The Single Sign-On model is popular in most client/server network environments. Server operating system software such as Windows NT, Windows 2000, and Novell are based on a Single Sign-On authentication model. This allows ease of user administration by allowing users to be placed into groups. The groups are then assigned permissions to recourses as opposed to assigning access permissions to each individual user.

The main benefits of implementing Single Sign-Ons are as follows:

• Users only have to sign on one time with a primary server or in domain controller in order to access enterprise-wide recourses if needed.

• Risks involved with individual users having to remember multiple user IDs and passwords are eliminated or reduced.

• Administrative overhead is reduced. Administrators don't have to waste precious time resetting passwords on shares because users lost or forgot them.

The inherent threat that is associated with the use of SSO is that if a hacker or attacker gains a single user ID and associated password, an entire network can be compromised.

Two-Factor SSO is often a better way to go in order to provide better security in single sign-on environment. With Two-factor SSO, a user provides an ID and a password combination and is also required to authenticated with a token or biometric device. Most password cracking programs are written with the targeting of SSO operating systems in mind. Use Two-Factor SSO for better security if possible.

Centralized/Decentralized

In the world of security policy and practices there are two main types of access control environments: centralized and decentralized. Centralized access control security practices focus on maintaining and storing user IDs, passwords, permissions, and access rights in a single centralized location.

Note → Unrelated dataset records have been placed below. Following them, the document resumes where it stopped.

Lemma transition_term_factor (h : lab) a :
  let ea := etah S h a in let ea' := eta a (h a).+1 in
  transition_term h a =
  Vh S h * (Q ea * Qb ea' * abar ea / (om a ea * kk * (l / ea' - ea' / l))) *
  \prod_(b | b != a) (Q (etah S h b) * Qb (etah S h b) / om b (etah S h b)
                       / (ea / etah S h b - etah S h b / ea)).
Proof.
move=> ea ea'; rewrite !prodf_div big_split /=.
have -> : transition_term h a = rightState S Q h *
    (\prod_b Qb (etah S (shift h a) b)) * (Acoef S l h a / bh S (shift h a) l).
  by rewrite /transition_term; ring.
rewrite Acoef_div_bh_shift /rightState ffunE /Omh.
rewrite [\prod_b Q _](bigD1 a) // [\prod_b Qb _](bigD1 a) //.
rewrite [\prod_b om b _](bigD1 a) //=.
rewrite etah_shift_self.
under [\prod_(i | i != a) Qb _]eq_bigr => b nba do rewrite etah_shift_other //.
have L'_neq0 := sym_diff_neq0 (shift h a) a; rewrite etah_shift_self in L'_neq0.
set L' := l / _ - _; set PD := \prod_(b | b != a) (_ / _ - _).
set Pom := \prod_(b | b != a) om b _.
have PD_neq0 : PD != 0.
  by apply/prodf_neq0 => b nba; apply: sym_ratio_neq0.
have Pom_neq0 : Pom != 0 by apply/prodf_neq0 => b _; apply: omega_neq0.
by field; rewrite PD_neq0 Pom_neq0 L'_neq0 kk_neq0 omega_neq0.
Qed.

Lemma prod_const_neq (a : 'I_n.+1) (c : C) : \prod_(b | b != a) c = c ^+ n.
Proof. by rewrite prodr_const cardC1 card_ord. Qed.

Lemma transition_term_eq (h : lab) a : transition_term h a =
  gsite a (h a) * (\prod_(b | b != a) wsite b (h b)) *
  (Vh S h / \prod_(b | b != a) (xsite a (h a) - xsite b (h b))).
Proof.
rewrite transition_term_factor /=.
rewrite (eq_bigr (fun b =>
    wsite b (h b) * etah S h a / (xsite a (h a) - xsite b (h b)))) => [|b nba];
  last by rewrite inv_sym_diff ?eta_neq0 // /wsite /xsite /etah; ring.
rewrite prodf_div big_split /= prod_const_neq /gsite.
have L'_neq0 := sym_diff_neq0 (shift h a) a; rewrite etah_shift_self in L'_neq0.
set L' := l / _ - _; set PX := \prod_(b | b != a) (xsite a _ - _).
have PX_neq0 : PX != 0.
  by apply/prodf_neq0 => b nba; rewrite subr_eq0 eta_sq_dist // eq_sym.
by field; rewrite PX_neq0 L'_neq0 kk_neq0 omega_neq0.
Qed.

Lemma matrix_element :
  pairing S (leftState S Qb) [ffun h => Aop S l (rightState S Q) h / bh S h l]
  = \det (Umat S Q Qb l).
Proof.
rewrite pairing_expand det_Umat; apply: eq_bigr => h _; apply: eq_bigr => a _.
exact: transition_term_eq.
Qed.
End MatrixElement.

Unset Implicit Arguments.

Theorem mainTheorem8
  (C : numClosedFieldType) (p N : nat) (q : C) (eta0 : 'I_N -> C) (kk : C)
  (abar : C -> C) (omega : 'I_N -> C -> C) (Q Qb : C -> C) :
  let S := SovData p q eta0 kk abar omega in
  let tL := leftState S Qb in
  let tR := rightState S Q in
  (3 <= p)%N -> odd p ->
  q ^+ p = 1 -> p.-primitive_root (q ^+ 2) ->
  odd N ->
  (forall a : 'I_N, eta0 a != 0) ->
  (forall (a b : 'I_N) (h h' : nat), a != b -> sov_eta S a h ^+ 2 != sov_eta S b h' ^+ 2) ->
  kk != 0 ->
  (forall (a : 'I_N) (h : nat), omega a (sov_eta S a h) != 0) ->
  (* main identity *)
  (forall (l : C) (Binv : sov_vec C p N -> sov_vec C p N),
      l != 0 ->
      cancel (Bop S l) Binv -> cancel Binv (Bop S l) ->
      (forall (a : 'I_N) (h : nat), l != sov_eta S a h /\ l != - sov_eta S a h) ->
      pairing S tL (Binv (Aop S l tR)) = \det (Umat S Q Qb l))
  /\
  (* consequence for u_n = U_n B^{-1}(mu) A(mu) U_n^{-1} *)
  (forall (mu : C) (Binv U Uinv : sov_vec C p N -> sov_vec C p N) (phit phit' : C),
      cancel (Bop S mu) Binv -> cancel Binv (Bop S mu) ->
      (forall (c : C) (u v : sov_vec C p N), U [ffun h => c * u h + v h] = [ffun h => c * U u h + U v h]) ->
      cancel U Uinv -> cancel Uinv U ->
      (forall v : sov_vec C p N, pairing S tL (U v) = phit * pairing S tL v) ->
      U tR = [ffun h => phit' * tR h] ->
      phit' != 0 ->
      pairing S tL (U (Binv (Aop S mu (Uinv tR)))) = phit / phit' * \det (Umat S Q Qb mu)).
Proof.
move=> S tL tR p_ge3 _ q_period _ oddN eta0_neq0 eta_sq_dist kk_neq0 omega_neq0.
(* N is odd, in particular positive. *)
destruct N as [|n]; first by [].
have p_gt0 : (0 < p)%N by apply: leq_trans p_ge3.
have eta_neq0 := @eta_neq0 _ _ _ S q_period p_gt0 eta0_neq0.
have matrix_element := @matrix_element _ _ _ S Q Qb _ q_period p_gt0 eta0_neq0
  eta_sq_dist omega_neq0 kk_neq0.
split=> [l Binv l_neq0 BK _ off_poles | mu Binv U Uinv phit phit' BK _ U_lin UK _
         tL_eigen tR_eigen phit'_neq0].
- have bh_neq0 := bh_neq0_off_poles (S := S) kk_neq0 l_neq0 eta_neq0 off_poles.
  by rewrite (Binv_diag _ bh_neq0 BK) matrix_element.
- have bh_neq0 := bh_neq0_of_cancel BK.
  rewrite tL_eigen (inv_eigenvector U_lin UK tR_eigen phit'_neq0).
  by rewrite (Binv_diag _ bh_neq0 BK) pairing_BA_scale matrix_element // mulrA.
Qed.
(* Let $c_1,c_2,c_3\in\mathbb{C}$ with $|c_i|>1$, let $r_i=\sqrt{|c_i|^2-1}$, and let $L_i=\{z\in\mathbb{D}:|z-c_i|=r_i\}$, where $\mathbb{D}=\{z\in\mathbb{C}:|z|<1\}$. Assume that $L_1,L_2,L_3$ together with the point $z_0=0$ satisfy the configuration condition in the context. Define $\tau_i\colon S^1\to S^1$ by $\tau_i(z)=\dfrac{r_i^2}{\bar z-\bar c_i}+c_i$ if $|z-c_i|>r_i$ and $\tau_i(z)=z$ otherwise. Then there exists a real constant $C<1$, depending only on $L_1,L_2,L_3$, such that for all $x,y\in S^1$ there exists $i\in\{1,2,3\}$ with $|\tau_i(x)-\tau_i(y)|<C|x-y|$.
   Context: $\mathbb{D}$ is the Poincaré disk model of the hyperbolic plane with boundary $S^1=\{|z|=1\}$; hyperbolic lines not through $0$ are the arcs $\{z\in\mathbb{D}:|z-c|^2=|c|^2-1\}$ with $|c|>1$, and lines through $0$ are diameters. Configuration condition: for all distinct $i,i'\in\{1,2,3\}$, either (a) $L_i\cap L_{i'}=\emptyset$ and $z_0$ lies in the connected component of $\mathbb{D}\setminus(L_i\cup L_{i'})$ whose boundary contains both lines, or (b) $L_i,L_{i'}$ meet at an angle of measure $\pi/m$ for some integer $m\ge2$, and $z_0$ lies in the interior of that angle. *)

From HB Require Import structures.
From mathcomp Require Import all_boot all_order all_algebra.
From mathcomp Require Import all_classical all_reals.
From mathcomp Require Import all_analysis.
From mathcomp Require Import complex.
Set Implicit Arguments. Unset Strict Implicit. Unset Printing Implicit Defensive.
Import Order.TTheory GRing.Theory Num.Theory.
Import numFieldTopology.Exports numFieldNormedType.Exports.
Local Open Scope ring_scope.
Local Open Scope classical_set_scope.

Section Hyp.
Variable R : realType.
Local Notation C := R[i].

Definition cmod (z : C) : R := Num.sqrt (complex.Re z ^+ 2 + complex.Im z ^+ 2).

Definition cconj (z : C) : C := (complex.Re z +i* (- complex.Im z))%C.

Definition cdot (z w : C) : R := complex.Re z * complex.Re w + complex.Im z * complex.Im w.

Definition disk : set C := [set z | cmod z < 1].
Definition S1 : set C := [set z | cmod z = 1].

(* radius r = sqrt(|c|^2 - 1) of the circle orthogonal to S^1 centered at c *)
Definition rad (c : C) : R := Num.sqrt (cmod c ^+ 2 - 1).

Definition hline (c : C) : set C := [set z | cmod z < 1 /\ cmod (z - c) = rad c].

Definition tau (c : C) (z : C) : C :=
  if rad c < cmod (z - c) then (rad c ^+ 2)%:C%C / (cconj z - cconj c) + c else z.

The decentralized access approach to network security focuses on the control and storage of user IDs, passwords, permissions, and access rights across an enterprise in multiple locations. Most modern day client/server networks implement the decentralized approach.

Security Roles and Responsibilities

The Security+ examination might question you on the following security roles and responsibilities. These are very general descriptions that are common to most businesses as well as most information security related exams:

• Management: Responsible for ensuring that all employees follow security policies and practices. Responsible for protecting all company assets. Responsible for exercising due care in all of their affairs.

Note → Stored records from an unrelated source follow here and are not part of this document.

(* Let $\phi,\psi:\mathbb{N}\cup\{0\}\to\mathbb{R}_+$ be such that $\phi$ and $\psi^{-1}$ (i.e. $n\mapsto\psi(n)^{-1}$) both satisfy: $\sum_kC^k\chi(k)(k!)^{-2}<\infty$ for every $C>0$. Then in each of the following cases $(E,F)$ with pairing $(\cdot,\cdot)$ is a dual pair satisfying $F\subseteq E'$ and $E\subseteq F'$: (1) $E=T_\phi(V)$, $F=T_\phi(V)$, $(\cdot,\cdot)=\langle\cdot,\cdot\rangle_\phi$; (2) $E=T_\phi(V)$, $F=T_{\psi^{-1}}(V)$, $(\cdot,\cdot)=\langle\cdot,\cdot\rangle_{\sqrt{\phi/\psi}}$.
   Context: $V$ is a finite-dimensional real inner product space, $\langle\cdot,\cdot\rangle_k$ the induced Hilbert–Schmidt inner product on $V^{\otimes k}$, $T(V)=\bigoplus_kV^{\otimes k}$. For $\chi:\mathbb{N}\cup\{0\}\to\mathbb{R}_+$, $\langle a,b\rangle_\chi=\sum_k\chi(k)\langle a_k,b_k\rangle_k$ and $T_\chi(V)$ is the Hilbert-space completion of $T(V)$ under this inner product (with its norm topology). A dual pair $(E,F)$ of linear spaces is a bilinear map $(\cdot,\cdot):E\times F\to\mathbb{R}$ such that $\{(e,\cdot):e\in E\}$ separates points of $F$ and $\{(\cdot,f):f\in F\}$ separates points of $E$; $F\subseteq E'$ means each functional $(\cdot,f)$ is continuous on $E$ (and similarly $E\subseteq F'$). *)

From HB Require Import structures.
From mathcomp Require Import all_boot all_order all_algebra.
From mathcomp Require Import all_classical all_reals all_analysis.
Set Implicit Arguments. Unset Strict Implicit. Unset Printing Implicit Defensive.
Import Order.TTheory GRing.Theory Num.Theory.
Import numFieldNormedType.Exports.
Local Open Scope ring_scope.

• Owner: Responsible for the protection of company information. The owner's responsibilities include determining the classification level of data, making changes to the classification level, and assigning or delegating who will be responsible for data and the security of data. (Data classification levels are described under the 'Documentation' section later in this chapter.)

• Custodian: This is a delegated position that is responsible for the protection and testing of data and procedures. Custodian duties include the verification of system backups and restores as well as keeping updated documentation that supports testing and production efforts.

• User: Anyone who uses data routinely to carry out their normal job responsibilities. Users should be responsible and accountable for the data they work with.